Photograph of a living armadillo
Photograph of a living armadillo showing the complete armor and usual resting attitude.

In the late nineteenth century, some naturalists in Europe observed one or two pregnant uteruses of preserved nine-banded armadillo and found a curious phenomenon: the four foetuses were surrounded of a common chorion, a fact that contrasted to the known fact that every single mammalian foetus possessed its own chorion.

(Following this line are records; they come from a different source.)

(* The log-exp-supremum is transitive: for all finite non-empty multi-sets $\mathcal X$ and $\mathcal Y$ of real symmetric $2\times2$ matrices, $$\mathrm{Sup}_{\mathrm{LE}}(\mathcal X\cup\mathcal Y)=\mathrm{Sup}_{\mathrm{LE}}\big(\{\mathrm{Sup}_{\mathrm{LE}}(\mathcal X),\mathrm{Sup}_{\mathrm{LE}}(\mathcal Y)\}\big),$$ where $\cup$ denotes multi-set union.
   Context: For a finite multi-set $\mathcal X=\{X_1,\dots,X_n\}$ of real symmetric $2\times2$ matrices, the log-exp-supremum is $\mathrm{Sup}_{\mathrm{LE}}(\mathcal X):=\lim_{m\to\infty}\frac1m\log\sum_{i=1}^n\exp(mX_i)$, with $\exp,\log$ the matrix exponential and logarithm. *)

From HB Require Import structures.
From mathcomp Require Import all_boot all_order all_algebra.
From mathcomp Require Import all_classical all_reals all_analysis.
Set Implicit Arguments. Unset Strict Implicit. Unset Printing Implicit Defensive.
Import Order.TTheory GRing.Theory Num.Theory.
Import numFieldNormedType.Exports.
Local Open Scope classical_set_scope.
Local Open Scope ring_scope.

Definition symmetric2 {R : realType} (A : 'M[R]_2) : Prop := A^T = A.

Definition expm {R : realType} (A : 'M[R]_2) : 'M[R]_2 :=
  limn (series (fun k : nat => (k`!%:R)^-1 *: A ^+ k)).

(* matrix logarithm (of a positive definite symmetric matrix S): the
   (unique) real symmetric matrix L with exp(L) = S. *)
Definition logm {R : realType} (S : 'M[R]_2) : 'M[R]_2 :=
  get [set L : 'M[R]_2 | symmetric2 L /\ expm L = S].

Definition SupLE {R : realType} (X : seq 'M[R]_2) : 'M[R]_2 :=
  limn (fun m : nat =>
          (m%:R)^-1 *: logm (\sum_(Xi <- X) expm (m%:R *: Xi))).

(* Write each symmetric matrix as [eigmx a b P], with [P] a rank-one projection, so that
   [expm (m X)] is the exponential path [eigmx (expR (m a)) (expR (m b)) P]. Call two sequences
   of matrices equivalent when their quadratic forms agree up to a constant factor, uniformly
   in [m]. A sum of two exponential paths is equivalent to a single one: the top eigenvalue and
   its projection survive, and the bottom eigenvalue is the largest competing one, because two
   distinct rank-one projections add up to a positive definite matrix. If [S m] is equivalent
   to the path of [Z], Courant-Fischer pins the eigenvalues of [logm (S m) / m] to those of [Z]
   up to [ln C / m] and its eigenprojection to that of [Z] up to [expR (- m gap / 2)], so
   [SupLE] of a multiset is the [Z] of its sum; transitivity follows from the additivity of the
   equivalence. *)

From mathcomp Require Import all_boot all_order all_algebra.
From mathcomp Require Import all_classical all_reals all_analysis.
From mathcomp Require Import ring lra.
Import Order.TTheory GRing.Theory Num.Theory.
Import numFieldNormedType.Exports.
Set Implicit Arguments. Unset Strict Implicit.
Local Open Scope ring_scope.
(* Let $G$ be a finite nilpotent group, $f\in\mathrm{Aut}(G)$, and for each prime $p$ dividing $|G|$ let $S_p$ be the (unique) Sylow $p$-subgroup of $G$. Suppose $Q=\mathcal{Q}(G,f)$ is connected. Then $Q$ is simply connected if and only if $\mathcal{Q}(S_p,f|_{S_p})$ is simply connected for every prime $p$ dividing $|G|$.
   Context: A quandle is a set $Q$ with a binary operation $*$ such that every left translation $L_x:y\mapsto x*y$ is bijective, $x*(y*z)=(x*y)*(x*z)$ and $x*x=x$; $Q$ is connected if $\langle L_x:x\in Q\rangle$ is transitive on $Q$. For a group $G$ and $f\in\mathrm{Aut}(G)$, $\mathcal{Q}(G,f)$ is $G$ with $x*y=xf(x^{-1}y)$ (note $f(S_p)=S_p$). For a set $S$, a quandle cocycle with values in $\mathrm{Sym}_S$ is $\theta:Q\times Q\to\mathrm{Sym}_S$ with $\theta_{x*y,x*z}\theta_{x,z}=\theta_{x,y*z}\theta_{y,z}$ and $\theta_{x,x}=1$; it is cohomologous to the trivial cocycle if there is $\gamma:Q\to\mathrm{Sym}_S$ with $\theta_{x,y}=\gamma_{x*y}\gamma_y^{-1}$ for all $x,y$. $Q$ is simply connected if it is connected and, for every set $S$, every such cocycle is cohomologous to the trivial cocycle. *)

From mathcomp Require Import all_boot all_fingroup all_solvable.
From Stdlib Require Import Relations.
Set Implicit Arguments. Unset Strict Implicit. Unset Printing Implicit Defensive.
Import GroupScope.

(* The quandle Q(G,f): operation x * y = x f(x^-1 y), carried by a subset A
   of a finite group type gT (A = G, or A = a Sylow subgroup S_p). *)
Definition qop (gT : finGroupType) (f : {perm gT}) (x y : gT) : gT :=
  x * f (x^-1 * y).

(* One step of the action of a generator L_x (x in A) or of its inverse. *)
Definition lstep (T : finType) (A : {set T}) (op : T -> T -> T) (y z : T) : Prop :=
  exists2 x, x \in A & (z = op x y \/ y = op x z).

(* Connected: the group <L_x : x in A> acts transitively on A. *)
Definition qconnected (T : finType) (A : {set T}) (op : T -> T -> T) : Prop :=
  forall a b, a \in A -> b \in A -> clos_refl_trans T (lstep A op) a b.

(* A quandle cocycle with values in Sym_S (product in Sym_S = composition). *)
Definition qcocycle (T : finType) (A : {set T}) (op : T -> T -> T) (S : Type)
  (theta : T -> T -> S -> S) : Prop :=
  [/\ (forall x y, x \in A -> y \in A -> bijective (theta x y)),
      (forall x y z, x \in A -> y \in A -> z \in A -> forall s : S,
          theta (op x y) (op x z) (theta x z s) = theta x (op y z) (theta y z s))
    & (forall x, x \in A -> forall s : S, theta x x s = s)].

(* theta is cohomologous to the trivial cocycle: theta_{x,y} = gamma_{x*y} gamma_y^{-1}. *)
Definition qcobound (T : finType) (A : {set T}) (op : T -> T -> T) (S : Type)
  (theta : T -> T -> S -> S) : Prop :=
  exists gamma : T -> S -> S,
    (forall y, y \in A -> bijective (gamma y)) /\
    (forall x y, x \in A -> y \in A -> forall s : S,
        theta x y (gamma y s) = gamma (op x y) s).

Definition qsimply_connected (T : finType) (A : {set T}) (op : T -> T -> T) : Prop :=
  qconnected A op /\
  forall (S : Type) (theta : T -> T -> S -> S), qcocycle A op theta -> qcobound A op theta.

From mathcomp Require Import all_boot all_fingroup all_solvable.
From Stdlib Require Import Relations ClassicalEpsilon.
Set Implicit Arguments. Unset Strict Implicit. Unset Printing Implicit Defensive.
Import GroupScope.

(* Simple connectivity passes from Q(A, f) to an f-stable direct factor H of A = H x K,
   because the projection onto H is a quandle retraction.  For the converse it suffices,
   by induction on the primes dividing |G|, to treat A = H x K with |H|, |K| coprime and
   Q(H), Q(K) simply connected.  Given a cocycle th, let words in the L_x^(+-1) act on the
   extension A x_th S.  The words L_x L_1^-1 and their conjugates by L_1 act on A as left
   translations, and translation words over H commute with those over K: their commutator
   acts trivially on A, hence is central, and so do their |H|-th and |K|-th powers, whose
   exponents are coprime.  So L_x composed with the transport along an H-word followed by a K-word
   splits into an H-part and a K-part, each of which fixes the fibre over 1 as soon as it
   fixes 1, since th is a coboundary on H and on K.  Transport of the fibre over 1 therefore
   does not depend on the chosen words and trivialises th. *)

Lemma qcocycleS (T : finType) (A B : {set T}) (op : T -> T -> T) (S : Type)
    (th : T -> T -> S -> S) :
  B \subset A -> qcocycle A op th -> qcocycle B op th.
Proof.
move=> /subsetP sBA [th_bij th_op th1].
by split=> [x y Bx By | x y z Bx By Bz | x Bx];
  [apply: th_bij | apply: th_op | apply: th1]; apply: sBA.
Qed.

Section Retract.
Variables (T : finType) (A B : {set T}) (op : T -> T -> T) (p : T -> T).
Hypotheses (sBA : B \subset A) (opA : {in A, forall x z, (op x z \in A) = (z \in A)})
  (pB : {in A, forall x, p x \in B}) (p_id : {in B, p =1 id})
  (p_op : {in A &, forall x y, p (op x y) = op (p x) (p y)}).

Lemma qconnected_retract : qconnected A op -> qconnected B op.
Proof.
move=> conA a b Ba Bb; rewrite -(p_id Ba) -(p_id Bb).
suff path_p : forall y z, clos_refl_trans T (lstep A op) y z -> y \in A ->
    z \in A /\ clos_refl_trans T (lstep B op) (p y) (p z).
  by case: (path_p a b (conA a b (subsetP sBA _ Ba) (subsetP sBA _ Bb))) => //;
     exact: (subsetP sBA).
move=> y z; elim=> {y z} [y z [x Ax yz] | y | y1 y2 y3 _ IH12 _ IH23] Ay.
- have Az : z \in A by case: yz => [-> | yE]; rewrite ?opA // -(opA Ax) -yE.
  split=> //; apply: rt_step; exists (p x); first exact: pB.
  by case: yz => [-> | ->]; [left | right]; rewrite p_op.
- by split=> //; apply: rt_refl.
- have [Ay2 c12] := IH12 Ay; have [Ay3 c23] := IH23 Ay2.
  by split=> //; apply: rt_trans c23.
Qed.

Lemma qsimply_connected_retract : qsimply_connected A op -> qsimply_connected B op.
Proof.
case=> conA cobA; split; first exact: qconnected_retract.
move=> S th [thB thop th1].
have cocA : qcocycle A op (fun x y => th (p x) (p y)).
  split=> [x y Ax Ay | x y z Ax Ay Az s | x Ax s]; rewrite ?p_op ?opA //;
    by [apply: thB; apply: pB | apply: thop; apply: pB | apply: th1; apply: pB].
have [gam [gamB gamop]] := cobA S _ cocA.
exists gam; split=> [y By | x y Bx By s]; first by apply: gamB; apply: (subsetP sBA).
by have := gamop x y (subsetP sBA _ Bx) (subsetP sBA _ By) s; rewrite !p_id.
Qed.
Lemma STS_partner_in t : t \in ~: S -> #|[set s' in S :\ s | collinear s s' t]| = 1.
Proof.
rewrite inE => tS; have st : s != t by apply: contraNneq tS => <-.
have [b Bb /andP[sb tb]] := STS_pair_block st.
have [z [zs zt bE]] := STS_block_third Bb st sb tb.
have zS : z \in S.
  apply: contraLR (evenS Bb) => zS; rewrite negbK.
  suff -> : b :&: S = [set s] by rewrite cards1.
  apply/setP => u; rewrite bE !inE.
  have [->|_] := eqVneq u s; first by rewrite sS.
  have [->|_] := eqVneq u t; first by rewrite (negbTE tS) andbF.
  by have [->|_] := eqVneq u z; rewrite ?(negbTE zS) ?andbF.
apply/eqP/cards1P; exists z; apply/setP => s'.
rewrite !inE collinearC (collinearE _ st Bb sb tb) bE !inE.
have [->|_] := eqVneq s' z; first by rewrite zs zS !orbT.
rewrite orbF; have [->|_] := eqVneq s' s; first by [].
by have [->|_] := eqVneq s' t; rewrite ?(negbTE tS) ?andbF.
Qed.

End EvenSet.

Lemma STS_even_set_card (S : {set 'I_n}) :
  (forall b, b \in B -> ~~ odd #|b :&: S|) -> S != set0 -> (#|S|).*2 = n.+1.
Proof.
move=> evenS /set0Pn [s sS].
have := card_eq_unique_partner (STS_partner_out evenS sS) (STS_partner_in evenS sS).
have : (#|S| <= n)%N by rewrite -[n in (_ <= n)%N]card_ord max_card.
rewrite [#|~: S|]cardsCs setCK card_ord [#|S|](cardsD1 s) sS add1n.
by move: #|S :\ s| => m; lia.
Qed.

End SteinerTripleSystems.

Lemma orthb_charvec n (x : 'rV['F_2]_n) b :
  orthb x (charvec b) = ~~ odd #|b :&: supp x|.
Proof.
rewrite /orthb -F2_nat -sum1_card natr_sum [in RHS]big_mkcond /=.
congr (_ == 0%R); apply: eq_bigr => t _; rewrite !inE !mxE.
by case: (F2_cases (x 0%R t)) => ->; case: (t \in b); rewrite ?mulr0 ?mulr1.
Qed.

Lemma Ddot_balanced_subspace n k U : U \in Ddot n k -> balanced_subspace k U.
Proof.
rewrite inE => /andP[dimU /existsP[B /andP[stsB /forall_inP orthB]]].
rewrite /balanced_subspace dimU; apply/balancedP => x xU x_nz.
apply/eqP/(STS_even_set_card stsB); last by rewrite supp_eq0.
by move=> b Bb; rewrite -orthb_charvec; move/forall_inP: (orthB b Bb); apply.
Qed.

Lemma eq_fiber_card_perm (T : finType) k (f g : 'I_k -> T) :
  (forall a, #|[set t | f t == a]| = #|[set t | g t == a]|) ->
  exists s : 'S_k, forall t, f t = g (s t).
Proof.
move=> fiberE.
have /tuple_permP [s fgE] : perm_eq [tuple f t | t < k] [tuple g t | t < k].
  apply/allP => a _; rewrite /= !count_map -!enumT -!sum1_count !big_enum_cond /=.
  by rewrite !sum1dep_card fiberE.
exists s => t; have := congr1 (fun u : k.-tuple T => tnth u t) (val_inj fgE).
by rewrite !tnth_mktuple.
Qed.

Lemma col_regular_perm n k (B C : 'M['F_2]_(k, n)) :
  col_regular B -> col_regular C -> exists s : 'S_n, forall t, col t B = col (s t) C.
Proof.
move=> /col_regularP rB /col_regularP rC.
apply: (eq_fiber_card_perm (f := fun t => col t B) (g := fun t => col t C)) => a.
apply/eqP; rewrite -(eqn_add2r (a == 0%R)) -(eqn_pmul2r (expn_gt0 2 k)).
by move: (rB a) (rC a); rewrite /col_fiber => -> ->.
Qed.

Lemma is_STS_preimset n (s : 'S_n) (B : {set {set 'I_n}}) :
  is_STS B -> is_STS [set s @^-1: (b : {set 'I_n}) | b in B].
Proof.
move=> stsB; apply/andP; split.
  apply/forall_inP => _ /imsetP[b Bb ->].
  by rewrite card_preimset ?(STS_block_card stsB) //; apply: perm_inj.
apply/forallP => x; apply/forallP => y; apply/implyP => xy.
have sxy : s x != s y by rewrite (inj_eq perm_inj).
have preim_inj : injective (fun b : {set 'I_n} => s @^-1: b).
  move=> b1 b2 /setP b12; apply/setP => u.
  by have := b12 ((s^-1)%g u); rewrite !inE permKV.
rewrite -(STS_pair_card stsB sxy) -[#|[set b in B | _]|](card_imset _ preim_inj).
apply/eqP/eq_card => b'.
rewrite inE; apply/andP/imsetP => [[/imsetP[b Bb ->]] | [b]].
  by rewrite !inE => xyb; exists b; rewrite // inE Bb.
by rewrite inE => /andP[Bb xyb] ->; rewrite imset_f // !inE.
Qed.
Hypothesis G_odd : forall u, G (- u) = - G u.

Lemma quasiperiodic_mul_Z k : G (IZR k * U) = IZR k * G U.
Proof.
  assert (G0 : G 0 = 0) by (pose proof (G_odd 0) as E; rewrite Ropp_0 in E; lra).
  pose proof (quasiperiodic_add_Z k 0) as E. rewrite Rplus_0_l, G0 in E. lra.
Qed.

Lemma quasiperiodic_half : G (U / 2) = G U / 2.
Proof.
  pose proof (G_add_period (- (U / 2))) as E. rewrite G_odd in E.
  replace (- (U / 2) + U) with (U / 2) in E by field. lra.
Qed.

Lemma quasiperiodic_mul_odd_half k :
  Z.odd k = true -> G (IZR k * U / 2) = IZR k * G U / 2.
Proof.
  intros k_odd.
  assert (k_eq : IZR k = 2 * IZR (Z.div2 k) + 1).
  { rewrite (Z.div2_odd k) at 1. rewrite k_odd, plus_IZR, mult_IZR. reflexivity. }
  rewrite k_eq.
  replace ((2 * IZR (Z.div2 k) + 1) * U / 2) with (U / 2 + IZR (Z.div2 k) * U) by field.
  rewrite quasiperiodic_add_Z, quasiperiodic_half. field.
Qed.

End QuasiPeriodic.

Section AutonomousODE.

Variable h : R -> R.
Hypothesis h_pos : forall x, 0 < h x.
Hypothesis h_cont : forall x, continuous h x.

Definition travel_time (x : R) : R := RInt (fun y => / h y) 0 x.

Lemma inv_h_cont x : continuous (fun y => / h y) x.
Proof. apply continuous_Rinv_comp; [apply h_cont | apply Rgt_not_eq, h_pos]. Qed.

Lemma ex_RInt_inv_h a b : ex_RInt (fun y => / h y) a b.
Proof. apply (@ex_RInt_continuous R_CompleteNormedModule). intros; apply inv_h_cont. Qed.

Lemma travel_time_derive x : is_derive travel_time x (/ h x).
Proof.
  apply (is_derive_RInt (fun y => / h y) travel_time 0 x).
  - apply filter_forall. intros b. apply (@RInt_correct R_CompleteNormedModule), ex_RInt_inv_h.
  - apply inv_h_cont.
Qed.
Lemma commJE M k i j : commJ M k i j = M i j * Jsign ns k j - Jsign ns k i * M i j.
Proof. by rewrite -mulmxJE -mulJmxE !mxE. Qed.

Lemma tangent_flag_pt U M : orthogonal_mx U -> skew_mx M ->
  tangent ns (flag_pt ns U) (fun k => U *m commJ M k *m U^T).
Proof.
move=> oU skM.
have dUexp : is_mx_derive 0 (fun s => U *m expm (s *: M)) (U *m M).
  by apply: is_mx_derive_eq (is_mx_deriveMl U (is_mx_derive_expmZ M 0)) _; rewrite expmZ0 mul1mx.
exists (fun s => flag_pt ns (U *m expm (s *: M))); split; [|split].
- move=> s; exists (U *m expm (s *: M)); split => //.
  exact: orthogonal_mxM oU (orthogonal_expmZ s skM).
- by rewrite expmZ0 mulmx1.
- move=> k; apply/mx_deriveP.
  apply: is_mx_derive_eq (is_mx_deriveM (is_mx_deriveMr (Jmat ns k) dUexp)
                                        (is_mx_derive_tr dUexp)) _.
  rewrite expmZ0 mulmx1 trmx_mul skM mulNmx mulmxN mulmxBr mulmxBl !mulmxA.
  by rewrite addrC.
Qed.

Lemma flag_pt_mul U k l : orthogonal_mx U ->
  flag_pt ns U k *m flag_pt ns U l = U *m (Jmat ns k *m Jmat ns l) *m U^T.
Proof.
by move=> /orthogonal_mxC oU; rewrite /flag_pt !mulmxA -(mulmxA _ U^T U) oU mulmx1.
Qed.

Lemma conj_mulmx V M N : orthogonal_mx V ->
  V^T *m (M *m N) *m V = (V^T *m M *m V) *m (V^T *m N *m V).
Proof. by move=> oV; rewrite !mulmxA -(mulmxA _ V V^T) oV mulmx1. Qed.

Lemma conj_flag_pt V k : orthogonal_mx V -> V^T *m flag_pt ns V k *m V = Jmat ns k.
Proof.
by move=> /orthogonal_mxC oV; rewrite /flag_pt !mulmxA oV mul1mx -mulmxA oV mulmx1.
Qed.
Lemma pfrac_den_split g p : p \in P ->
  pfrac_den g = (p ^ g p * \prod_(q <- P | q != p) q ^ g q)%N.
Proof. by move=> pP; rewrite /pfrac_den (bigD1_seq p pP P_uniq). Qed.

Lemma pfrac_den_prod_gt0 (Q : pred nat) g : (0 < \prod_(q <- P | Q q) q ^ g q)%N.
Proof.
rewrite big_seq_cond prodn_cond_gt0 // => q /andP[qP _].
by rewrite expn_gt0 prime_gt0 //; apply: (allP P_prime).
Qed.

Lemma pfrac_den_gt1 g p : p \in P -> (0 < g p)%N -> (1 < pfrac_den g)%N.
Proof.
move=> pP gp_gt0; rewrite (pfrac_den_split _ pP).
apply: (leq_trans _ (leq_pmulr _ (pfrac_den_prod_gt0 _ _))).
by rewrite -{1}(expn0 p) ltn_exp2l // prime_gt1 //; apply: (allP P_prime).
Qed.

Lemma pfrac_add g C p b e : p \in P -> b != g p ->
  coprimez p e -> coprimez (pfrac_den g) C ->
  exists2 C', coprimez (pfrac_den (raise_exp g p b)) C' &
    C%:~R / (pfrac_den g)%:R + e%:~R / (p ^ b)%:R
      = C'%:~R / (pfrac_den (raise_exp g p b))%:R :> R.
Proof.
move=> pP b_neq pe gC; have p_pr : prime p := allP P_prime p pP.
set m0 := (\prod_(q <- P | q != p) q ^ g q)%N.
set M := maxn (g p) b.
have den_g' : pfrac_den (raise_exp g p b) = (p ^ M * m0)%N.
  rewrite (pfrac_den_split _ pP) /raise_exp eqxx; congr (_ * _)%N.
  by apply: eq_bigr => q /negbTE ->.
have p_m0 : coprime p m0.
  rewrite /m0 big_seq_cond; elim/big_ind: _ => [|x y|q /andP[qP qp]].
  - exact: coprimen1.
  - by rewrite coprimeMr => ->.
  apply: coprimeXr; rewrite prime_coprime // dvdn_prime2 //; last exact: (allP P_prime).
  by rewrite eq_sym.
have m0_gt0 : (0 < m0)%N := pfrac_den_prod_gt0 _ _.
exists (C * (p ^ (M - g p))%N%:Z + e * (p ^ (M - b) * m0)%N%:Z).
  by rewrite den_g'; apply: coprimez_pfrac_add; rewrite -?(pfrac_den_split _ pP).
have pX_neq0 j : (p ^ j)%:R != 0 :> R by rewrite pnatr_eq0 -lt0n expn_gt0 prime_gt0.
have m0_neq0 : m0%:R != 0 :> R by rewrite pnatr_eq0 -lt0n.
have split_pM j : (j <= M)%N -> (p ^ M)%:R = (p ^ j)%:R * (p ^ (M - j))%:R :> R.
  by move=> jM; rewrite -natrM -expnD subnKC.
rewrite den_g' (pfrac_den_split _ pP) -/m0 intrD !intrM !natrM mulrDl; congr (_ + _).
  by rewrite (split_pM (g p)) ?leq_maxl //; field; rewrite m0_neq0 !pX_neq0.
by rewrite (split_pM b) ?leq_maxr //; field; rewrite m0_neq0 !pX_neq0.
Qed.

Lemma pfrac_sum (S : seq nat) (e : nat -> int) : uniq S ->
  (forall s, s \in S -> exists2 p, p \in P & exists b, s = (p ^ b.+1)%N) ->
  (forall s, s \in S -> (`|e s| < pdiv s)%N) ->
  exists g, exists2 C,
    [/\ forall p, p \in P -> (0 < g p)%N -> (p ^ g p)%N \in S,
       coprimez (pfrac_den g) C &
       has (fun s => e s != 0) S -> has (fun p => 0 < g p)%N P] &
    \sum_(s <- S) (e s)%:~R / s%:R = C%:~R / (pfrac_den g)%:R :> R.
Proof.
elim: S => [|s S IHS] /= => [_ _ _ | /andP[sS S_uniq] S_pp e_lt].
  exists (fun=> 0%N), 0; last by rewrite big_nil mul0r.
  by split=> //; rewrite /pfrac_den big1_seq.
have S_sub : {subset S <= s :: S} by move=> t tS; rewrite inE tS orbT.
have [g [C [g_in_S gC g_pos] sum_S]] := IHS S_uniq
  (fun t tS => S_pp t (S_sub t tS)) (fun t tS => e_lt t (S_sub t tS)).
have [p pP [b s_def]] := S_pp s (mem_head _ _).
have p_pr : prime p := allP P_prime p pP.
have [es0|es_neq0] := eqVneq (e s) 0.
  exists g, C; last by rewrite big_cons es0 mul0r add0r.
  split=> [q qP /(g_in_S q qP)/S_sub //|//|].
  exact: g_pos.
have b_neq : b.+1 != g p.
  by apply: contraNneq sS => gp; rewrite s_def gp g_in_S // -gp.
have p_es : coprimez p (e s).
  rewrite coprimez_prime // dvdzE /=; apply: contraL (e_lt s (mem_head _ _)).
  have -> : pdiv s = p by rewrite s_def pdiv_pfactor.
  by move=> p_dvd; rewrite -leqNgt; apply: dvdn_leq p_dvd; rewrite absz_gt0.
have [C' gC' sum_sS] := pfrac_add pP b_neq p_es gC.
exists (raise_exp g p b.+1), C'; last by rewrite big_cons sum_S addrC -sum_sS s_def.
split=> // [q qP|_]; last first.
  by apply/hasP; exists p; rewrite // /raise_exp eqxx leq_max ltn0Sn orbT.
rewrite /raise_exp inE; case: eqP => [->|_ /(g_in_S q qP) ->]; last exact: orbT.
case: (leqP b.+1 (g p)) => [_ /(g_in_S p pP)->|_ _]; first exact: orbT.
by rewrite s_def eqxx.
Qed.
End PrimePowerFractions.

Fixpoint digit_seqs (S : seq nat) : seq (seq nat) :=
  if S is s :: S' then [seq i :: l | i <- iota 0 (pdiv s), l <- digit_seqs S']
  else [:: [::]].

Definition digit_fun (S l : seq nat) s := nth 0%N l (index s S).

Lemma size_digit_seqs S : size (digit_seqs S) = (\prod_(s <- S) pdiv s)%N.
Proof.
elim: S => [|s S IHS] /=; first by rewrite big_nil.
by rewrite size_allpairs size_iota IHS big_cons.
Qed.

Lemma uniq_digit_seqs S : uniq (digit_seqs S).
Proof.
elim: S => [|s S IHS] //=; rewrite allpairs_uniq ?iota_uniq //.
by move=> [i l] [i' l'] _ _ [-> ->].
Qed.

Lemma mem_digit_seqs S l :
  (l \in digit_seqs S) = all2 (fun d s => d < pdiv s)%N l S.
Proof.
elim: S l => [|s S IHS] [|d l] //=.
  by apply/negP => /allpairsP [[? ?] [_ _]].
apply/allpairsP/andP => [[[i l'] [/= i_lt l'S [-> ->]]]|[d_lt lS]].
  by rewrite mem_iota in i_lt; rewrite -IHS.
by exists (d, l); rewrite /= mem_iota IHS.
Qed.

Lemma digit_fun_lt S l s : l \in digit_seqs S -> s \in S ->
  (digit_fun S l s < pdiv s)%N.
Proof.
rewrite mem_digit_seqs /digit_fun; elim: S l => [|t S IHS] [|d l] //=.
case/andP=> d_lt lS; rewrite inE eq_sym; case: eqP => [<- //|_ /= sS].
exact: IHS.
Qed.

Lemma digit_fun_inj S l l' : uniq S ->
  l \in digit_seqs S -> l' \in digit_seqs S ->
  {in S, digit_fun S l =1 digit_fun S l'} -> l = l'.
Proof.
have size_digits m : m \in digit_seqs S -> size m = size S.
  by rewrite mem_digit_seqs; elim: S m => [|t S IHS] [|d m] //= /andP[_ /IHS->].
move=> S_uniq lS l'S eq_ll'; apply: (@eq_from_nth _ 0%N) => [|i].
  by rewrite !size_digits.
rewrite size_digits // => i_lt; have := eq_ll' _ (mem_nth 0%N i_lt).
by rewrite /digit_fun index_uniq.
Qed.

Lemma map_digit_seqs S k : (forall s, s \in S -> k s < pdiv s)%N ->
  map k S \in digit_seqs S.
Proof.
rewrite mem_digit_seqs; elim: S => [|s S IHS] //= k_lt.
by rewrite k_lt ?mem_head // IHS // => t tS; rewrite k_lt // inE tS orbT.
Qed.

Lemma digit_fun_map S k s : s \in S -> digit_fun S (map k S) s = k s.
Proof. by move=> sS; rewrite /digit_fun (nth_map 0%N) ?index_mem // nth_index. Qed.

Lemma prime_powerP s : prime_power s ->
  exists2 p, prime p & exists b, s = (p ^ b.+1)%N.
Proof. by case=> p [[|b] [p_pr // _ ->]]; exists p => //; exists b. Qed.

Definition digit_sum (R : numFieldType) (S : seq nat) (k : nat -> nat) : R :=
  \sum_(s <- S) (k s)%:R / s%:R.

In South America there was a popular belief that in a certain species of armadillo all of the offspring from one mother was either male or female, a curious phenomenon mentioned by European travellers and naturalists. In the 1880s, the German zoologist Hermann von Ihering tested this belief in Brazil, by observing two pregnant females of mulita obtained in Paraguay. Each female contained eight foetuses and they were in fact all males. Von Ihering surmised that they originated from a single egg. In 1901, a different hypothesis was proposed by the Polish researcher Aleksander Rosner, on the basis of a histological examination of the ovaries of one nine-banded armadillo sent by Ihering from Brazil. Rosner found polyovular follicles in this specimen; he proposed that the four foetuses were formed of four ova discharged together and that the common chorion derived from the union of the contiguous walls of the embryos. Later observations showed that Rosner's material was pathological or quite exceptional.